Regression results confusion. Help!

[DomiDarko]

Hello and please help,

I am testing biodiversity population reduction to see if its related to spatial scale (further north of the equator = less species).
My linear regression line is quite significant showing a steep drop but my data analysis figures are not. What am i doing wrong? Should i accept the null hypothesis that predicts their is no correllation as the P value is 4.02 (isnt that 402% probablility that the null is correct) or is their a correlation after all? I'm so confused. Please explain!

Here are my results.
R Square = 0.12
Standard Error = 181577.40
F number = 18.08
Significance F = 4.04
Observations = 131

Intercept = 355574.75 standard error = 22707.34 t-stat = 15.65 p-value 1.26 Lower 95% = 310647.71 Upper 95% = 400501.79
No of species = -46096.56 standard error = 10840.04 t-stat = -4.25 p-value = 4.02 Lower 95% = -67543.85 Upper 95% = -24649.27

 

[Ben Nevis]

The R Square indicates a very low level of correlation.
Did you do an X Y Scatter plot of the data? With R Square = 0.12 the data points should look fairly randomly distributed. If the data are well correlated you should see a distinct pattern.

 

[tybaltlives]

what Ben said. Looks like you can plot your data. Also, i'm not certain that a LINEAR regression is appropriate for a biodiversity model. Seems to me that there would be a drop off the further you got from the equator but it might follow a different function, even a NON-LINEAR one.
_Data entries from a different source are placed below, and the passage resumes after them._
(* Let $\sigma_1,\sigma_2>0$, $\beta\in(0,1)$. Suppose $k:\mathbb{S}^1\times[0,T)\to\mathbb{R}$ satisfies: $k\in C^{2+\beta,1+\beta}(\mathbb{S}^1\times[0,T-\varepsilon])$ for all $\varepsilon>0$; $k_t=\sigma_1k^2k_{\theta\theta}+\sigma_1k^3+\sigma_2k^2$; $k(\cdot,0)=\psi\in C^{1+\beta}(\mathbb{S}^1)$ strictly positive with $\int_0^{2\pi}\frac{\cos\theta}{\psi}d\theta=\int_0^{2\pi}\frac{\sin\theta}{\psi}d\theta=0$; and $k(\theta,0)>k_0>0$. Suppose that for all $t\in[0,T)$, $$\int_0^{2\pi}\log k(\theta,t)\,d\theta\le C_1.$$ Then for all $t\in[0,T)$, $$k_{\max}(t)\le 2e^{4(C_1+2\pi|\log k_0|)\left(\sqrt{2\pi}+\sigma_2\sqrt{\frac{\pi T}{\sigma_1}}\right)^2}+\left(\sqrt{2\pi}+\sigma_2\sqrt{\frac{\pi T}{\sigma_1}}\right)^{-1}\sqrt{\int_0^{2\pi}k_\theta^2-k^2\,d\theta\Big|_{t=0}}.$$ In particular $k$ is uniformly bounded on $\mathbb{S}^1\times[0,T)$.
   Context: $\theta\in[0,2\pi)$ is the tangent angle parameter of the associated family of convex closed curves moving by $\partial_t\gamma=(\sigma_1k+\sigma_2)\nu$, and $k_{\max}(t)=\max_\theta k(\theta,t)$. *)

From Stdlib Require Import Reals Lra.
From Coquelicot Require Import Coquelicot.
Open Scope R_scope.

(* A function on S^1 x [0,T) is represented as k : R -> R -> R (theta, t),
   2*PI-periodic in theta. *)

Definition d_th (k : R -> R -> R) (th t : R) : R := Derive (fun x => k x t) th.
Definition d_t (k : R -> R -> R) (th t : R) : R := Derive (fun s => k th s) t.

(* x^beta for x >= 0 (Stdlib's Rpower 0 b = 1, so treat 0 separately) *)
Definition hpow (x b : R) : R := if Rle_dec x 0 then 0 else Rpower x b.

Definition holder_on (beta M : R) (I : R -> Prop) (f : R -> R -> R) : Prop :=
  (forall th t, I t -> Rabs (f th t) <= M) /\
  (forall th t th' t', I t -> I t' ->
     Rabs (f th t - f th' t') <= M * (hpow (Rabs (th - th')) beta
                                      + hpow (Rabs (t - t')) beta)).

(* k in C^{2+beta,1+beta}(S^1 x [0,tau]): k is twice differentiable in theta,
   differentiable in t (for t in (0,tau]; the derivative extends to t=0 by the
   Hoelder bound), and k, k_theta, k_thetatheta, k_t are bounded and
   beta-Hoelder on S^1 x [0,tau] (resp. S^1 x (0,tau] for k_t). *)
Definition C2b1b (beta tau : R) (k : R -> R -> R) : Prop :=
  (forall th t, 0 <= t <= tau ->
     ex_derive (fun x => k x t) th /\ ex_derive (fun x => d_th k x t) th) /\
  (forall th t, 0 < t <= tau -> ex_derive (fun s => k th s) t) /\
  exists M : R,
    holder_on beta M (fun t => 0 <= t <= tau) k /\
    holder_on beta M (fun t => 0 <= t <= tau) (d_th k) /\
    holder_on beta M (fun t => 0 <= t <= tau) (d_th (d_th k)) /\
    holder_on beta M (fun t => 0 < t <= tau) (d_t k).

Definition C1b (beta : R) (psi : R -> R) : Prop :=
  (forall th, psi (th + 2 * PI) = psi th) /\
  (forall th, ex_derive psi th) /\
  exists M : R,
    (forall th, Rabs (psi th) <= M) /\
    (forall th, Rabs (Derive psi th) <= M) /\
    (forall th th', Rabs (Derive psi th - Derive psi th')
                    <= M * hpow (Rabs (th - th')) beta).

From Stdlib Require Import Reals Lra Lia ZArith Classical IndefiniteDescription.
From Coquelicot Require Import Coquelicot.
Open Scope R_scope.

(* Work on [S^1 x [0, tau]] for [tau < T], where the Hoelder bounds are uniform.
   A first-touching argument with the equation keeps [k > k0], so [log k] makes
   sense.  The energy [E(t) = ∫ k_th^2 - k^2] satisfies
   [E' = -2 ∫ k_t (k_thth + k) <= pi sigma2^2 K^2 / sigma1] by completing the
   square, where [K] bounds [k].  Let [K = k(x1, s)] be the maximum of [k] over
   [S^1 x [0, t]].  Since [∫ log k <= C1], the set where [k] exceeds
   [M = exp(4 (C1 + 2 pi |log k0|) A^2)] contains no arc longer than [1/(4A^2)],
   so by Cauchy-Schwarz [(K - M)^2 <= ∫ k_th^2 / (4A^2) <= (E(0) + A^2 K^2) / (4A^2)],
   that is [K <= 2M + sqrt(E(0)) / A]. *)

(** * Hoelder moduli *)

Lemma hpow_ge0 x b : 0 <= hpow x b.
Proof. unfold hpow; destruct (Rle_dec x 0); [lra | left; apply exp_pos]. Qed.

Lemma hpow_0 b : hpow 0 b = 0.
Proof. unfold hpow; destruct (Rle_dec 0 0); lra. Qed.

Lemma hpow_le x y b : 0 < b -> 0 <= x <= y -> hpow x b <= hpow y b.
Proof.
  intros Hb Hxy; unfold hpow.
  destruct (Rle_dec x 0), (Rle_dec y 0); try lra.
  - left; apply exp_pos.
  - destruct (Req_dec x y) as [<- | Hne]; [lra |].
    left; apply Rlt_Rpower_l; lra.
Qed.

Lemma holder_modulus_small C b eps : 0 < b -> 0 < eps ->
  exists delta, 0 < delta /\ forall h, Rabs h < delta -> C * hpow (Rabs h) b < eps.
Proof.
  intros Hb He.
  set (C' := Rabs C + 1).
  assert (HC' : 0 < C') by (unfold C'; pose proof (Rabs_pos C); lra).
  assert (HeC : 0 < eps / C') by (apply Rdiv_lt_0_compat; lra).
  exists (Rpower (eps / C') (/ b)); split; [apply exp_pos |].
  intros h Hh.
  assert (Hhb : hpow (Rabs h) b < eps / C').
  { unfold hpow; destruct (Rle_dec (Rabs h) 0); [lra |].
    replace (eps / C') with (Rpower (Rpower (eps / C') (/ b)) b)
      by (rewrite Rpower_mult, Rinv_l, Rpower_1; lra).
    apply Rlt_Rpower_l; lra. }
  pose proof (hpow_ge0 (Rabs h) b); pose proof (Rle_abs C).
  apply Rle_lt_trans with (C' * hpow (Rabs h) b); [unfold C'; nra |].
  apply Rmult_lt_compat_l with (r := C') in Hhb; [| lra].
  replace (C' * (eps / C')) with eps in Hhb by (field; lra); exact Hhb.
Qed.

Lemma continuity_pt_of_holder (f : R -> R) x C b : 0 < b ->
  (forall y, Rabs (f y - f x) <= C * hpow (Rabs (y - x)) b) -> continuity_pt f x.
Proof.
  intros Hb Hf eps He.
  destruct (holder_modulus_small C b eps Hb He) as [delta [Hd Hsmall]].
  exists delta; split; [exact Hd |].
  intros y [_ Hy]; cbn in *; unfold R_dist in *.
  eapply Rle_lt_trans; [apply Hf | apply Hsmall, Hy].
Qed.

Lemma holder_on_bound beta M (I : R -> Prop) f x t :
  holder_on beta M I f -> I t -> Rabs (f x t) <= M.
Proof. intros [Hbd _] It; exact (Hbd x t It). Qed.

Lemma holder_on_space beta M (I : R -> Prop) f x y t :
  holder_on beta M I f -> I t -> Rabs (f y t - f x t) <= M * hpow (Rabs (y - x)) beta.
Proof.
  intros [_ Hh] It; specialize (Hh y t x t It It).
  rewrite Rminus_diag, Rabs_R0, hpow_0, Rplus_0_r in Hh; exact Hh.
Qed.

Lemma holder_on_time beta M (I : R -> Prop) f x s t :
  holder_on beta M I f -> I s -> I t -> Rabs (f x s - f x t) <= M * hpow (Rabs (s - t)) beta.
Proof.
  intros [_ Hh] Is It; specialize (Hh x s x t Is It).
  rewrite Rminus_diag, Rabs_R0, hpow_0, Rplus_0_l in Hh; exact Hh.
Qed.

Lemma holder_on_continuity_space beta M (I : R -> Prop) f x t : 0 < beta ->
  holder_on beta M I f -> I t -> continuity_pt (fun y => f y t) x.
Proof.
  intros Hb Hf It; apply (continuity_pt_of_holder _ x M beta Hb).
  intros y; exact (holder_on_space beta M I f x y t Hf It).
Qed.

Lemma holder_on_nonneg beta M (I : R -> Prop) (f : R -> R -> R) (x t : R) :
  holder_on beta M I f -> I t -> 0 <= M.
Proof.
  intros Hf It; pose proof (holder_on_bound beta M I f x t Hf It).
  pose proof (Rabs_pos (f x t)); lra.
Qed.

Definition clamp (a b s : R) : R := Rmax a (Rmin s b).

Lemma clamp_in a b s : a <= b -> a <= clamp a b s <= b.
Proof. intros; unfold clamp, Rmax, Rmin; repeat destruct Rle_dec; lra. Qed.

Lemma clamp_id a b s : a <= s <= b -> clamp a b s = s.
Proof. intros; unfold clamp, Rmax, Rmin; repeat destruct Rle_dec; lra. Qed.

Lemma clamp_dist a b s r : a <= b -> Rabs (clamp a b s - clamp a b r) <= Rabs (s - r).
Proof.
  intros; unfold clamp, Rmax, Rmin; repeat destruct Rle_dec;
    unfold Rabs; repeat destruct Rcase_abs; lra.
Qed.

Definition holder_interval (C beta a b : R) (f : R -> R) : Prop :=
  forall s t, a <= s <= b -> a <= t <= b -> Rabs (f s - f t) <= C * hpow (Rabs (s - t)) beta.

Lemma holder_interval_clamp_continuity C beta a b f : 0 < beta -> a <= b ->
  holder_interval C beta a b f -> forall s, continuity_pt (fun r => f (clamp a b r)) s.
Proof.
  intros Hb Hab Hf s; apply (continuity_pt_of_holder _ s (Rabs C) beta Hb); intros r.
  eapply Rle_trans; [apply Hf; apply clamp_in, Hab |].
  pose proof (Rle_abs C); pose proof (hpow_ge0 (Rabs (clamp a b r - clamp a b s)) beta).
  apply Rle_trans with (Rabs C * hpow (Rabs (clamp a b r - clamp a b s)) beta); [nra |].
  apply Rmult_le_compat_l; [apply Rabs_pos |].
  apply hpow_le; [exact Hb | split; [apply Rabs_pos | apply clamp_dist, Hab]].
Qed.

Lemma holder_interval_attains_max C beta a b f : 0 < beta -> a <= b ->
  holder_interval C beta a b f -> exists m, a <= m <= b /\ forall s, a <= s <= b -> f s <= f m.
Proof.
  intros Hb Hab Hf.
  destruct (continuity_ab_maj (fun r => f (clamp a b r)) a b Hab) as [m [Hm Hmab]].
  { intros; apply (holder_interval_clamp_continuity C beta); assumption. }
  exists m; split; [exact Hmab |]; intros s Hs.
  specialize (Hm s Hs); rewrite !clamp_id in Hm by assumption; exact Hm.
Qed.

(* [Rmin (df x) c] agrees with [df] inside [(a, b)] and keeps the mean-value point's
   derivative below [c] even when that point is an endpoint. *)
Lemma holder_interval_derive_le C beta a b f df c : 0 < beta -> a < b ->
  holder_interval C beta a b f ->
  (forall x, a < x < b -> is_derive f x (df x)) -> (forall x, a < x < b -> df x <= c) ->
  f b <= f a + c * (b - a).
Proof.
  intros Hb Hab Hf Hdf Hc.
  destruct (MVT_gen (fun r => f (clamp a b r)) a b (fun x => Rmin (df x) c)) as [xi [_ Hmvt]].
  - rewrite Rmin_left, Rmax_right by lra; intros x Hx.
    rewrite Rmin_left by (apply Hc, Hx).
    apply is_derive_ext_loc with f; [| exact (Hdf x Hx)].
    assert (Hp : 0 < Rmin (x - a) (b - x)) by (apply Rmin_pos; lra).
    exists (mkposreal _ Hp); intros y Hy.
    cbn in Hy; unfold AbsRing_ball, abs, minus, plus, opp in Hy; cbn in Hy.
    apply Rabs_lt_between in Hy.
    pose proof (Rmin_l (x - a) (b - x)); pose proof (Rmin_r (x - a) (b - x)).
    rewrite clamp_id; [reflexivity | lra].
  - intros; apply (holder_interval_clamp_continuity C beta); [exact Hb | lra | exact Hf].
  - rewrite !clamp_id in Hmvt by lra.
    pose proof (Rmin_r (df xi) c).
    assert (Rmin (df xi) c * (b - a) <= c * (b - a)) by (apply Rmult_le_compat_r; lra).
    lra.
Qed.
Maybe something like this:

Excel 2010
	K	L	M	N	O
27	b+(b + (a-b) * x^c / (d + x^ c))
28				Distance	Species
29				1	10
30	a	20		2	9.85796
31	b	10		3	9.150787
32	c	4.5		4	7.460239
33	d	1500		5	5.180252
34				6	3.211012
35				7	1.911506
36				8	1.147094
37				9	0.708587
38				10	0.453162
Sheet1

Cell Formulas
Range	Formula
O29	=$L$31+($L$31-($L$30-$L$31)*N29^$L$32)/($L$33+N29^$L$32)
O30	=$L$31+($L$31-($L$30-$L$31)*N30^$L$32)/($L$33+N30^$L$32)
O31	=$L$31+($L$31-($L$30-$L$31)*N31^$L$32)/($L$33+N31^$L$32)
O32	=$L$31+($L$31-($L$30-$L$31)*N32^$L$32)/($L$33+N32^$L$32)
O33	=$L$31+($L$31-($L$30-$L$31)*N33^$L$32)/($L$33+N33^$L$32)
O34	=$L$31+($L$31-($L$30-$L$31)*N34^$L$32)/($L$33+N34^$L$32)
O35	=$L$31+($L$31-($L$30-$L$31)*N35^$L$32)/($L$33+N35^$L$32)
O36	=$L$31+($L$31-($L$30-$L$31)*N36^$L$32)/($L$33+N36^$L$32)
O37	=$L$31+($L$31-($L$30-$L$31)*N37^$L$32)/($L$33+N37^$L$32)
O38	=$L$31+($L$31-($L$30-$L$31)*N38^$L$32)/($L$33+N38^$L$32)

 

[tybaltlives]

There was something else I wanted to mention. In my experience, p-values are typically expressed as ".05" (95% confidence) or ".01" (99% confidence). So if you get a p-value of .2 then you reject the null hypothesis. but if it is .04 then you cannot reject the null hypothesis. I've never seen a P value of "4.02", for example.